The opaque nature of healthcare pricing is almost unheard of in a capitalist market. It is difficult to imagine an electronics store with a sales associate who can’t tell you the cost of a new television. Within a few minutes of typing a customer’s information and desired service level into a tablet, a sales person at a wireless store can accurately price out a cell phone plan.

 

But even for simple procedures or prescriptions, medicinal professionals can not easily estimate the cost to a patient. It is unlikely that a doctor talking to a patient about their hair loss prevention options can estimate the end cost to the consumer, after copay and other insurance adjustments, of a simple medicine like Viagra.

 

This fear of the unknown cost of treatment causes many consumers to self-ration healthcare. Even with a good insurance plan, the cost of a single visit can vary widely based on a number of factors that are difficult to calculate, like deductibles, what the patient’s insurance company has negotiated with the provider, and more.

 

Coupled with out-of-control healthcare spending inflation (on a per capita basis, health spending has increased over 30-fold in the last four decades, from $355 per person in 1970 to $10,739 in 2017.), it is no wonder that consumer self-ration important healthcare procedures and doctor visits.

 

Technology is attempting to combat these rising costs and lack of pricing transparency.

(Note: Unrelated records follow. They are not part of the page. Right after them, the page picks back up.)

Lemma p_miss_ge (NR Ns L : nat) (gamma rho sig e eta : R) :
  (1 <= NR)%N -> (2 <= Ns)%N -> 0 < rho -> 0 < sig -> 0 < eta -> eta <= e ->
  2 * NR%:R / rho + e / rho ^+ 2 <= gamma * (2 * NR%:R * (Ns - 1)%:R * sig) ->
  rho + 1 <= NR%:R * L.+1%:R ->
  ((expR (- (L.+1%:R * ld_rate NR%:R (Ns - 1)%:R rho sig eta)
          - ld_loss NR%:R (Ns - 1)%:R rho sig e L.+1%:R))%:E
   <= p_miss NR Ns L.+1 gamma eta)%E.
Proof.
move=> NR1 Ns2 r0 s0 eta0 ete feas TN.
set T : R := L.+1%:R; set N : R := NR%:R; set M : R := (Ns - 1)%:R in feas TN *.
have T0 : 0 < T by rewrite ltr0n.
set t := T * eta / 2 / rho; have tE : t = eta / (2 * rho) * T by rewrite /t; field; rewrite gt_eqF.
have ce : eta / (2 * rho) <= e / (2 * rho) by rewrite ler_pM2r ?invr_gt0 ?mulr_gt0.
have t0 : 0 <= t by rewrite tE mulr_ge0 ?divr_ge0 ?mulr_ge0 ?(ltW eta0) ?(ltW r0) ?(ltW T0).
have tle : t <= e / (2 * rho) * T by rewrite tE ler_pM2r.
set j := Num.Def.trunc t; have /andP[jl ju] := truncn_itv t0; rewrite -natr1 in ju.
set hx := N * T + j%:R; set hy := N * M * T.
have hx_ge : rho + 1 <= hx by rewrite /hx; have := ler0n R j; lra.
have x0_le : 2 * hx / rho <= T * (2 * N / rho + e / rho ^+ 2).
  rewrite ler_pdivrMr //.
  have -> : T * (2 * N / rho + e / rho ^+ 2) * rho = 2 * (N * T + e / (2 * rho) * T).
    by field; rewrite gt_eqF.
  rewrite /hx; lra.
have box : 2 * hx / rho <= gamma * (2 * hy * sig).
  apply: le_trans x0_le _; rewrite [leRHS](_ : _ = T * (gamma * (2 * N * M * sig))).
    by rewrite ler_pM2l.
  by rewrite /hy; ring.
apply: le_trans _ (p_miss_ge_box _ _ _ _ _ _ _ _ _ _ NR1 Ns2 r0 s0 eta0 erefl erefl _ hx_ge box);
  last by rewrite -/T -/t jl ju.
rewrite -/T -/t -/N -/M -/hx -/hy lee_fin -!expRD ler_expR.
have : hx * ln_gap rho^-1 <= (N * T + t) * ln_gap rho^-1.
  by rewrite ler_wpM2r ?ln_gap_ge0 ?invr_gt0 // /hx; lra.
have x0_gt0 : 0 < 2 * hx / rho by rewrite divr_gt0 //; lra.
have : ln (2 * hx / rho) <= ln (T * (2 * N / rho + e / rho ^+ 2)).
  by rewrite ler_ln ?posrE //; lra.
have : ln (t + 1) <= ln (e / (2 * rho) * T + 1) by rewrite ler_ln ?posrE; lra.
have -> : T * ld_rate N M rho sig eta
    = t * ln_gap rho + (N * T + t) * ln_gap rho^-1 + hy * ln_gap sig.
  by rewrite tE /ld_rate /hy; ring.
rewrite /ld_loss -/hy; lra.
Qed.

Lemma p_miss_ge0 (NR Ns L : nat) (gamma eta : R) : 0 <= eta ->
  (0 <= p_miss NR Ns L gamma eta)%E.
Proof.
move=> eta0; apply: integral_ge0 => y _; apply: mule_ge0; first by rewrite lee_fin chi2_pdf_ge0.
by apply: integral_ge0 => x _; apply: ncchi2_pdf_ge0; rewrite mulr_ge0.
Qed.

Lemma pbar_miss_ge (NR Ns L : nat) (gamma W : R) (Omega A : set R) (p eta : R -> R) :
  measurable A -> A `<=` Omega -> measurable_fun A p ->
  (forall phi, Omega phi -> 0 <= p phi) -> (forall phi, Omega phi -> 0 <= eta phi) ->
  0 <= W -> (forall phi, A phi -> (W%:E <= p_miss NR Ns L gamma (eta phi))%E) ->
  (W%:E * \int[mu]_(phi in A) (p phi)%:E <= pbar_miss NR Ns L gamma Omega p eta)%E.
Proof.
move=> mA AO mp p0 eta0 W0 WA; rewrite -ge0_integralZl //; first last.
- by move=> phi /AO /p0; rewrite lee_fin.
- exact/measurable_EFinP.
rewrite /pbar_miss integral_mkcond [leRHS]integral_mkcond.
apply: ge0_le_integral_nomeas => phi _; rewrite /patch.
  by case: ifP => // /[!inE] /AO /p0 p0'; rewrite mule_ge0 ?lee_fin.
case: ifP => [/[!inE] Aphi|_].
  rewrite ifT ?inE; last exact: AO.
  by rewrite lee_pmul ?lee_fin ?p0 ?WA //; exact: AO.
case: ifP => // /[!inE] Ophi.
by rewrite mule_ge0 ?lee_fin ?p0 ?p_miss_ge0 ?eta0.
Qed.
(* Weak duality [sup inf <= inf sup] is pure order theory.  For the converse,
   fix [beta < inf sup] and [eps > 0] and take the points [y1, y2, xb] of the
   hypothesis.  Each (a_i, v_i) in an eps-subdifferential at [xb] yields the
   quadratic minorant [beta + v_i (x - xb) - a_i |x|^2 + a_i |xb|^2 - eps] of
   [a(., y1)] or [a(., y2)]; weighting them by the ZS certificate, the linear
   and quadratic parts cancel, leaving [beta - eps <= t a(x, y1) + (1 - t) a(x, y2)]
   for all [x].  Concavity in [y] turns this into [beta - eps <= a(x, y_t)] at
   [y_t = t y1 + (1 - t) y2], so [beta - eps <= sup inf]. *)

Lemma Rbar_le_trans (x y z : Rbar) : Rbar_le x y -> Rbar_le y z -> Rbar_le x z.
Proof. destruct x, y, z; simpl; intros; try lra; tauto. Qed.

Lemma Rbar_le_antisym (x y : Rbar) : Rbar_le x y -> Rbar_le y x -> x = y.
Proof. destruct x, y; simpl; intros; try tauto; try (f_equal; lra); reflexivity. Qed.

Lemma Rbar_fin_le_of_neq_m_infty (z : Rbar) : z <> m_infty -> exists r, Rbar_le (Fin r) z.
Proof.
  destruct z as [r| |]; intros Hz; [exists r; simpl; lra | exists 0; exact I | congruence].
Qed.

Lemma Rbar_le_of_approx (I S : Rbar) :
  (forall b eps, Rbar_lt (Fin b) I -> 0 < eps -> Rbar_le (Fin (b - eps)) S) ->
  Rbar_le I S.
Proof.
  intro H. destruct I as [i| |]; destruct S as [s| |]; simpl; auto.
  - apply Rnot_lt_le; intro Hlt.
    assert (K : (s + i) / 2 - (i - s) / 4 <= s).
    { apply (H ((s + i) / 2) ((i - s) / 4));
        [split; [simpl; lra | intro E; injection E; lra] | lra]. }
    lra.
  - apply (H (i - 1) 1); [split; [simpl; lra | intro E; injection E; lra] | lra].
  - assert (K : (s + 2) - 1 <= s).
    { apply (H (s + 2) 1); [split; [exact I | discriminate] | lra]. }
    lra.
  - apply (H 0 1); [split; [exact I | discriminate] | lra].
Qed.

Section Infimum.

Variable E : Rbar -> Prop.

Definition lower_bound (r : R) : Prop := forall z, E z -> Rbar_le (Fin r) z.

Lemma is_inf_p_infty : (forall r, lower_bound r) -> is_inf E p_infty.
Proof.
  intros Hall; split.
  - intros z Hz; destruct z as [s| |]; simpl; auto.
    + specialize (Hall (s + 1) _ Hz); simpl in Hall; lra.
    + exact (Hall 0 _ Hz).
  - intros u _; destruct u; exact I.
Qed.

Lemma is_inf_m_infty : (forall r, ~ lower_bound r) -> is_inf E m_infty.
Proof.
  intros Hnone; split; [intros; exact I |].
  intros u Hu; destruct u as [r| |]; simpl; auto.
  - exact (Hnone r Hu).
  - apply (Hnone 0); intros z Hz; exact (@Rbar_le_trans (Fin 0) p_infty z I (Hu z Hz)).
Qed.

Lemma is_inf_fin (r0 r1 : R) :
  lower_bound r0 -> ~ lower_bound r1 -> exists m, is_inf E (Fin m).
Proof.
  intros H0 H1.
  destruct (not_all_ex_not _ _ H1) as [z Hz].
  apply imply_to_and in Hz as [Ez Hnz].
  destruct z as [s| |]; [| now elim Hnz | now specialize (H0 _ Ez)].
  assert (Hbd : bound lower_bound) by (exists s; intros q Hq; exact (Hq _ Ez)).
  destruct (completeness _ Hbd (ex_intro _ r0 H0)) as [m [Hub Hlub]].
  exists m; split.
  - intros w Ew; destruct w as [t| |].
    + apply Hlub; intros q Hq; exact (Hq _ Ew).
    + exact I.
    + exact (H0 _ Ew).
  - intros u Hu; destruct u as [q| |].
    + exact (Hub q Hu).
    + apply Hnz, Rbar_le_trans with p_infty; [exact I | exact (Hu _ Ez)].
    + exact I.
Qed.

Lemma is_inf_exists : exists l, is_inf E l.
Proof.
  destruct (classic (forall r, lower_bound r)) as [Hall | Hsome].
  - exact (ex_intro _ _ (is_inf_p_infty Hall)).
  - destruct (not_all_ex_not _ _ Hsome) as [r1 Hr1].
    destruct (classic (exists r0, lower_bound r0)) as [[r0 Hr0] | Hnone].
    + destruct (is_inf_fin Hr0 Hr1) as [m Hm]; exact (ex_intro _ _ Hm).
    + apply ex_intro with m_infty, is_inf_m_infty.
      intros r Hr; exact (Hnone (ex_intro _ r Hr)).
Qed.

End Infimum.

Lemma is_sup_inf_le_is_inf_sup (X Y : HilbertSpace) (a : X -> Y -> Rbar) (S I : Rbar) :
  is_sup_inf a S -> is_inf_sup a I -> Rbar_le S I.
Proof.
  intros HS HI. apply (proj2 HI). intros z [x Hz]. apply (proj2 HS). intros w [y Hw].
  apply Rbar_le_trans with (a x y).
  - apply (proj1 Hw). exists x; reflexivity.
  - apply (proj1 Hz). exists y; reflexivity.
Qed.

Lemma Rmax_weighted (m lam r c : R) :
  0 <= m -> 0 <= lam -> m * r + lam * c <= (m + lam) * Rmax r c.
Proof.
  intros Hm Hl.
  assert (m * r <= m * Rmax r c) by (apply Rmult_le_compat_l; [exact Hm | apply Rmax_l]).
  assert (lam * c <= lam * Rmax r c) by (apply Rmult_le_compat_l; [exact Hl | apply Rmax_r]).
  lra.
Qed.

Lemma Rbar_fin_le_Rmax (r c : R) (z : Rbar) :
  Rbar_le (Fin r) z -> Rbar_le (Fin c) z -> Rbar_le (Fin (Rmax r c)) z.
Proof. intros; apply Rmax_case; assumption. Qed.

Definition lsum {A : Type} (w : A -> R) (l : list A) : R := fold_right Rplus 0 (map w l).

(* Minorants of the same function are merged into their pointwise maximum. *)
Lemma weighted_minorants_le_comb (T J : Type) (f g : T -> Rbar) (c : J -> T -> R)
  (Hf : forall x, f x <> m_infty) (Hg : forall x, g x <> m_infty)
  (l : list (R * J))
  (Hl : Forall (fun p => 0 <= fst p /\
          ((forall x, Rbar_le (Fin (c (snd p) x)) (f x)) \/
           (forall x, Rbar_le (Fin (c (snd p) x)) (g x)))) l) :
  exists m1 m2, 0 <= m1 /\ 0 <= m2 /\ m1 + m2 = lsum fst l /\
    forall x, exists r1 r2, Rbar_le (Fin r1) (f x) /\ Rbar_le (Fin r2) (g x) /\
      lsum (fun p => fst p * c (snd p) x) l <= m1 * r1 + m2 * r2.
Proof.
  unfold lsum.
  induction Hl as [| [lam j] l [Hlam Hside] _ [m1 [m2 [Hm1 [Hm2 [Hsum IH]]]]]];
    cbn [fold_right map fst snd] in *.
  - exists 0, 0; split; [lra | split; [lra | split; [lra |]]].
    intro x.
    destruct (Rbar_fin_le_of_neq_m_infty (Hf x)) as [r1 H1].
    destruct (Rbar_fin_le_of_neq_m_infty (Hg x)) as [r2 H2].
    exists r1, r2; split; [exact H1 | split; [exact H2 | lra]].
  - destruct Hside as [Hcf | Hcg].
    + exists (m1 + lam), m2; split; [lra | split; [lra | split; [lra |]]].
      intro x; destruct (IH x) as [r1 [r2 [H1 [H2 H3]]]].
      exists (Rmax r1 (c j x)), r2.
      split; [apply Rbar_fin_le_Rmax; [exact H1 | apply Hcf] | split; [exact H2 |]].
      pose proof (Rmax_weighted r1 (c j x) Hm1 Hlam); lra.
    + exists m1, (m2 + lam); split; [lra | split; [lra | split; [lra |]]].
      intro x; destruct (IH x) as [r1 [r2 [H1 [H2 H3]]]].
      exists r1, (Rmax r2 (c j x)).
      split; [exact H1 | split; [apply Rbar_fin_le_Rmax; [exact H2 | apply Hcg] |]].
      pose proof (Rmax_weighted r2 (c j x) Hm2 Hlam); lra.
Qed.

Section SubdifferentialMinorant.

Variables (X : HilbertSpace) (eps beta : R) (xb : X).

Definition subgrad_minorant (p : R * Dual X) (x : X) : R :=
  beta + snd p (hsub x xb) - fst p * hnorm2 x + fst p * hnorm2 xb - eps.

Lemma eps_subdiff_minorant (f : X -> Rbar) (al : R) (v : Dual X) :
  Rbar_le (Fin beta) (f xb) -> eps_subdiff eps f xb al v ->
  forall x, Rbar_le (Fin (subgrad_minorant (al, v) x)) (f x).
Proof.
  intros Hb [_ [fxb [Hfxb Hsub]]] x.
  rewrite Hfxb in Hb; simpl in Hb.
  apply Rbar_le_trans with (Fin (fxb + v (hsub x xb) - al * hnorm2 x + al * hnorm2 xb - eps));
    [unfold subgrad_minorant; simpl; lra | apply Hsub].
Qed.

Lemma lsum_subgrad_minorant (l : list (R * (R * Dual X))) (x : X) :
  lsum (fun p => fst p * subgrad_minorant (snd p) x) l =
  (beta - eps) * lsum fst l
  + lsum (fun p : R * (R * Dual X) => fst p * snd (snd p) (hsub x xb)) l
  - lsum (fun p => fst p * fst (snd p)) l * (hnorm2 x - hnorm2 xb).
Proof.
  unfold lsum; induction l as [| p l IH]; simpl; [ring |].
  rewrite IH; unfold subgrad_minorant; ring.
Qed.

Lemma ZS_convex_comb_ge (f g : X -> Rbar)
  (Hf : forall x, f x <> m_infty) (Hg : forall x, g x <> m_infty) :
  Rbar_le (Fin beta) (f xb) -> Rbar_le (Fin beta) (g xb) -> ZS eps f g xb ->
  exists t, 0 <= t <= 1 /\ forall x, exists r1 r2,
    Rbar_le (Fin r1) (f x) /\ Rbar_le (Fin r2) (g x) /\
    beta - eps <= t * r1 + (1 - t) * r2.
Proof.
  intros Hbf Hbg [l [Hl [Hw [Ha Hv]]]].
  assert (Hmin : Forall (fun p => 0 <= fst p /\
    ((forall x, Rbar_le (Fin (subgrad_minorant (snd p) x)) (f x)) \/
     (forall x, Rbar_le (Fin (subgrad_minorant (snd p) x)) (g x)))) l).
  { refine (Forall_impl _ _ Hl); intros [lam [al v]] [Hlam Hside]; split; [exact Hlam |].
    destruct Hside; [left | right]; apply eps_subdiff_minorant; assumption. }
  destruct (weighted_minorants_le_comb Hf Hg Hmin) as [m1 [m2 [Hm1 [Hm2 [Hsum Hc]]]]].
  exists m1; split; [unfold lsum in Hsum; lra |].
  intro x; destruct (Hc x) as [r1 [r2 [H1 [H2 H3]]]].
  exists r1, r2; repeat split; auto.
  rewrite lsum_subgrad_minorant in H3; unfold lsum in *.
  rewrite Hw, Ha, (Hv (hsub x xb)) in *.
  replace (1 - m1) with m2 by (unfold lsum in Hsum; lra); lra.
Qed.

End SubdifferentialMinorant.

Theorem mainTheorem13 (X Y : HilbertSpace) (a : X -> Y -> Rbar)
  (Ha_val : forall x y, a x y <> m_infty)
  (Ha_x : forall y : Y, proper (fun x => a x y) /\ Phi_lsc_convex (fun x => a x y))
  (Ha_y : forall x : X, concave (a x))
  (Hzs : forall I, is_inf_sup a I ->
     forall beta eps : R, Rbar_lt (Fin beta) I -> 0 < eps ->
     exists (y1 y2 : Y) (xb : X),
       in_dom (fun x => a x y1) xb /\ in_dom (fun x => a x y2) xb /\
       Rbar_le (Fin beta) (a xb y1) /\ Rbar_le (Fin beta) (a xb y2) /\
       ZS eps (fun x => a x y1) (fun x => a x y2) xb) :
  forall S I, is_sup_inf a S -> is_inf_sup a I -> S = I.
Proof.
  intros S I HS HI.
  apply Rbar_le_antisym; [exact (is_sup_inf_le_is_inf_sup HS HI) |].
  apply Rbar_le_of_approx; intros beta eps Hbeta Heps.
  destruct (Hzs I HI beta eps Hbeta Heps) as [y1 [y2 [xb [_ [_ [B1 [B2 HZS]]]]]]].
  destruct (ZS_convex_comb_ge (fun x => Ha_val x y1) (fun x => Ha_val x y2) B1 B2 HZS)
    as [t [Ht Hcomb]].
  set (yt := hadd Y (hscal Y t y1) (hscal Y (1 - t) y2)).
  destruct (is_inf_exists (fun w => exists x, w = a x yt)) as [z Hz].
  apply Rbar_le_trans with z; [| apply (proj1 HS); exists yt; exact Hz].
  apply (proj2 Hz); intros w [x ->].
  destruct (Hcomb x) as [r1 [r2 [R1 [R2 R3]]]].
  apply Rbar_le_trans with (Fin (t * r1 + (1 - t) * r2)); [exact R3 |].
  exact (Ha_y x y1 y2 t r1 r2 Ht R1 R2).
Qed.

Some companies, like Hims and Roman, are going direct to consumer with point solutions to treat specific illnesses. Others, like Sherpa Health (now part of Crossover), are revolutionizing patient interaction with doctors using telemedicine.

 

Will either of these models prove to be the catalyst the United States needs to improve our healthcare system and make it more patient focused and more transparent? Can they get costs under control and encourage citizens to use preventative care and afford better afford prescription medicines? The future is unclear and there are many hurdles ahead, but we are optimistic that the influx of new direct-to-consumer teleheath companies leveraging technology will improve price transparency.